Subtle changes in the mole above could not have been identified by the naked eye, yet this was found to be an early melanoma.
You may have been referred by your doctor, an outside specialist, or one of our consultants, or simply decided that screening is a good idea.
Skin cancer screening can be quite individual to meet your needs, although pattern recognition is a key principle. An area where artificial intelligence can be used, along with the experience of a consultant.
Both can help to analyse full body and microscopic digital images, or suggest alternative methods to identify subtle changes in your skin.
A Typical Visit
A specialist nurse will record a detailed history of skin cancer risk factors, especially related to melanoma. If this is not your first visit, existing notes can be checked and updated.
They will then take a series of total body images in preset positions. If you have been before, these will automatically be compared to previous images to identify any change, if not, they act as a base.
Where lesions, or moles raise concerns, detailed dermoscopy images can be taken and compared to previous images, if they exist. Whilst the latest AI systems help, nothing is left to chance, your consultant also reviews the images.
They may decide on further examination, such as digital dermoscopy, or checking lymph nodes in your groin, neck, or armpits. The latter is a good idea for any patient who has previously had a melanoma.
Should other options make sense, perhaps confocal microscopy, or electrical impedence spectroscopy, they will be organised. If not, any areas of concern can be highlighted and checked again on a follow up visit.
Short Term Monitoring
Visits for many patients are at longer term intervals, although as mentioned above, there can be situations where more concentrated monitoring is valuable.

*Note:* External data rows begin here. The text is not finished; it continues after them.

Theorem gordan A a :
  in_conv_of a A 0 \/ exists c, forall j, j \in A -> dotv c (a j) < 0.
Proof.
elim: {A}_.+1 {-2}A (ltnSn #|A|) a => // m IH A; rewrite ltnS => cardA a.
have [-> | [k kA]] := set_0Vmem A; first by right; exists 0 => j; rewrite inE.
have cardA' : (#|A :\ k| < m)%N.
  by apply: leq_trans cardA; rewrite (cardsD1 k A) kA.
have [conv' | [c c_neg]] := IH _ cardA' a.
  by left; apply: in_conv_ofS conv'; apply: subsetDl.
have [ak_neg | ak_ge0] := ltP (dotv c (a k)) 0.
  right; exists c => j jA; have [-> // | jk] := eqVneq j k.
  by apply: c_neg; rewrite in_setD1 jk.
have [A'0 | A'_ne0] := eqVneq (A :\ k) set0.
  have Ak j : j \in A -> j = k.
    move=> jA; apply/eqP/negPn/negP => jk.
    by have := in_set0 j; rewrite -A'0 in_setD1 jk jA.
  have [ak0 | ak_ne0] := eqVneq (a k) 0.
    left; apply: (in_conv_of0_normalize (mu := fun j => (j == k)%:R)).
    - by move=> j; rewrite ler0n.
    - by move=> j; case: eqP => // ->; rewrite kA.
    - by rewrite sum_delta.
    - by rewrite sum_delta_scale.
  by right; exists (- a k) => j /Ak ->; rewrite dotvNl oppr_lt0 dotvv_gt0.
have [conv' | neg'] := IH _ cardA' (fun j => dotv c (a k) *: a j - dotv c (a j) *: a k).
  by left; apply: gordan_step_conv kA c_neg ak_ge0 conv'.
by right; apply: gordan_step_neg c_neg ak_ge0 A'_ne0 neg'.
Qed.

End Gordan.

Section Duality.
Variables (R : realFieldType) (n : nat).

Lemma dotv_linear (f : 'rV[R]_n -> R) : linear_for *%R f ->
  exists c, forall x, dotv c x = f x.
Proof.
move=> f_lin; exists (\row_k f (delta_mx 0 k)) => x.
pose fL := GRing.isLinear.Build R 'rV[R]_n R *%R f f_lin.
pose F : {scalar 'rV[R]_n} := HB.pack f fL.
rewrite {2}(row_sum_delta x) -[f _]/(F _) linear_sum /dotv.
by apply: eq_bigr => k _; rewrite linearZ mxE mulrC.
Qed.

Lemma free_dotv_interp (k : nat) (X : k.-tuple 'rV[R]_n) (b : 'I_k -> R) :
  free X -> exists c, forall i : 'I_k, dotv c X`_i = b i.
Proof.
move=> freeX; pose f x := \sum_(i < k) b i * coord X i x.
have [|c cf] := @dotv_linear f.
  move=> a x y; rewrite /f mulr_sumr -big_split; apply: eq_bigr => i _.
  by rewrite linearP mulrDr mulrCA.
exists c => j; rewrite cf /f (bigD1 j) //= coord_free // eqxx mulr1 big1 ?addr0 //.
by move=> i ij; rewrite coord_free // eq_sym (negbTE ij) mulr0.
Qed.

Lemma dotv_separate (U : {vspace 'rV[R]_n}) y : y \notin U ->
  exists c, {in U, forall w, dotv c w = 0} /\ dotv c y = 1.
Proof.
move=> yU; pose X := [tuple of y :: vbasis U].
have freeX : free X.
  by rewrite free_cons (span_basis (vbasisP U)) yU; case/andP: (vbasisP U).
have [c c_X] := free_dotv_interp (fun i : 'I_(\dim U).+1 => (i == ord0)%:R) freeX.
exists c; split; last exact: c_X ord0.
move=> w /coord_vbasis ->; rewrite linear_sum big1 // => i _.
by rewrite linearZ /=; have := c_X (lift ord0 i); rewrite /= => ->; rewrite mulr0.
Qed.

Variables (I : finType) (S : {set I}) (f : I -> 'rV[R]_n).

Lemma free_image_interp (b : I -> R) : free (image f S) ->
  exists c, {in S, forall u, dotv c (f u) = b u}.
Proof.
move=> freeS.
have [c c_S] := free_dotv_interp (b \o enum_val) (freeS : free (image_tuple f S)).
exists c => u uS; have := c_S (enum_rank_in uS u).
by rewrite /= (nth_image 0) enum_rankK_in.
Qed.

Lemma free_image_dual :
  {in S, forall u, exists c,
    {in S, forall w, w != u -> dotv c (f w) = 0} /\ dotv c (f u) != 0} ->
  free (image f S).
Proof.
move=> dual; apply/(@freeP _ _ _ (image_tuple f S)) => a sum_a0 i.
have [c [c0 c_i]] := dual _ (enum_valP i).
have := congr1 (dotv c) sum_a0; rewrite linear_sum linear0 (bigD1 i) //= big1.
  by rewrite addr0 linearZ (nth_image 0) => /eqP; rewrite mulf_eq0 (negbTE c_i) orbF => /eqP.
move=> j ji; rewrite linearZ /= (nth_image 0) c0 ?mulr0 ?enum_valP //.
by apply: contra ji => /eqP/enum_val_inj ->.
Qed.

End Duality.

Section Faces.
Variables (R : realFieldType) (n : nat) (T : finType) (V : T -> 'rV[R]_n).
Implicit Types (c e : 'rV[R]_n) (F G H : {set T}).

Definition exposed_face c F :=
  [set y in F | [forall (x | x \in F), dotv c (V x) <= dotv c (V y)]].

Lemma exposed_faceP c F y : reflect
  (y \in F /\ forall x, x \in F -> dotv c (V x) <= dotv c (V y))
  (y \in exposed_face c F).
Proof. by rewrite inE; apply: (iffP andP) => -[yF /forall_inP]. Qed.

Lemma exposed_face_dotv_eq c F x y : x \in exposed_face c F -> y \in exposed_face c F ->
  dotv c (V x) = dotv c (V y).
Proof.
move=> /exposed_faceP[xF x_max] /exposed_faceP[yF y_max].
by apply/eqP; rewrite eq_le x_max ?y_max.
Qed.

Lemma exposed_face_sub c F : exposed_face c F \subset F.
Proof. by apply/subsetP => y /exposed_faceP[]. Qed.

Lemma is_faceE F : is_face V F <-> exists c, F = exposed_face c [set: T].
Proof.
split=> -[c ->]; exists c; apply/setP => y; rewrite !inE;
  by apply: eq_forallb => x; rewrite in_setT.
Qed.

Lemma face_exists_mem F (i0 : T) : is_face V F -> exists y, y \in F.
Proof.
case/is_faceE => c ->.
have [y _ y_max] := arg_maxP (fun x => dotv c (V x)) (in_setT i0).
by exists y; apply/exposed_faceP; split => // x /y_max.
Qed.

Lemma is_face_exposed_face c F y0 :
  is_face V F -> y0 \in F -> is_face V (exposed_face c F).
Proof.
case/is_faceE => cF -> y0F; set G := exposed_face cF _ in y0F *.
(* For large [la], [c + la *: cF] exposes the [c]-maximal part of [G]. *)
have cF_G := @exposed_face_dotv_eq cF [set: T].
have cF_lt x : x \notin G -> dotv cF (V x) < dotv cF (V y0).
  move=> xG; rewrite ltNge; apply: contra xG => x_ge; apply/exposed_faceP.
  by split => // z _; apply: le_trans x_ge; case/exposed_faceP: y0F => _; apply.
have [la la_gt] : exists la, forall x, x \notin G ->
    dotv c (V x) - dotv c (V y0) < la * (dotv cF (V y0) - dotv cF (V x)).
  by apply: exists_scale_bound => x /cF_lt; rewrite subr_gt0.
have [h hG h_max] := arg_maxP (fun x => dotv c (V x)) y0F.
pose c' := c + la *: cF.
have c'_lt x y : x \notin G -> y \in exposed_face c G -> dotv c' (V x) < dotv c' (V y).
  move=> xG /exposed_faceP[yG y_max]; rewrite !dotvDl !dotvZl (cF_G y y0) //.
  by have := la_gt x xG; have := y_max y0 y0F; lra.
apply/is_faceE; exists c'; apply/setP => y; apply/exposed_faceP/exposed_faceP.
  case=> yG y_max; split=> // x _.
  have yE : y \in exposed_face c G by apply/exposed_faceP.
  have [xG | xG] := boolP (x \in G); last exact/ltW/c'_lt.
  by rewrite !dotvDl !dotvZl (cF_G x y) ?lerD2r ?y_max.
case=> _ y_max.
have hE : h \in exposed_face c G by apply/exposed_faceP; split => // x /h_max.
have yG : y \in G by apply: contraT => /(c'_lt _ h)/(_ hE); rewrite ltNge y_max ?in_setT.
split=> // x xG; have := y_max x (in_setT x).
by rewrite !dotvDl !dotvZl (cF_G x y) // lerD2r.
Qed.

Definition dir_space F := <<[seq V i - V j | i <- enum F, j <- enum F]>>%VS.

Lemma mem_dir_space F i j : i \in F -> j \in F -> V i - V j \in dir_space F.
Proof.
by move=> iF jF; apply/memv_span/(allpairs_f (fun i j => V i - V j)); rewrite mem_enum.
Qed.

Lemma dir_space_subv F v (U : {vspace 'rV[R]_n}) : v \in F ->
  (forall x, x \in F -> V x - V v \in U) -> (dir_space F <= U)%VS.
Proof.
move=> vF FU; apply/span_subvP => _ /allpairsP[[i j] [/= + + ->]].
rewrite !mem_enum => iF jF.
have -> : V i - V j = (V i - V v) - (V j - V v) by rewrite opprB addrA subrK.
exact: memvB (FU i iF) (FU j jF).
Qed.

Lemma fdim_subset F G : F \subset G -> (fdim V F <= fdim V G)%N.
Proof.
move=> FG; apply/dimvS/span_subvP => _ /allpairsP[[i j] [/= + + ->]].
by rewrite !mem_enum => iF jF; apply: mem_dir_space; apply: (subsetP FG).
Qed.

Definition nbr F v := [set u in F | `[< adj V u v >]].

This is known as sequential digital dermoscopy, useful if your consultant is concerned about a lesion but not sufficiently for immediate action. A better solution than surgical removal of a perhaps innocent area.
Think of a scale from 1 (absolutely benign) to 5 (a clear melanoma). Actions for both are evident but what about lesions which are 2, 3, or 4, the grey areas at the heart of screening, long and short term.
Dismissing them as benign would be false reassurance, immediately attacking them with a scalpel no better. Short term monitoring has been shown to detect more melanomas and reduce the number of normal moles removed, a double advantage.
If you have atypical moles, a lot of moles, or a personal, or family history of skin cancer, screening is essential. We would also encourage anyone who has had above average sun exposure to take part.
The high quality images produced can identify very subtle changes. Essential when skin cancers, not least melanoma, can grow very slowly at first, or as with lentigo maligna occurence, or recurrence, be invisible to the naked eye.
Skin cancer screening has three advantages. The pleasure of an all clear, avoidance of unnecessary tissue removal, or scarring and early detection, which reduces treatment, along with increasing cure rates.
All of these fit with our ethos of minimum intervention and maximum cure, using safe procedures and half an hour of your time. The return you get from spending this with the latest equipment and good specialists is invaluable.
We want to see more people have less skin cancer treatment and a safe future. The foundation of this is effective skin cancer screening.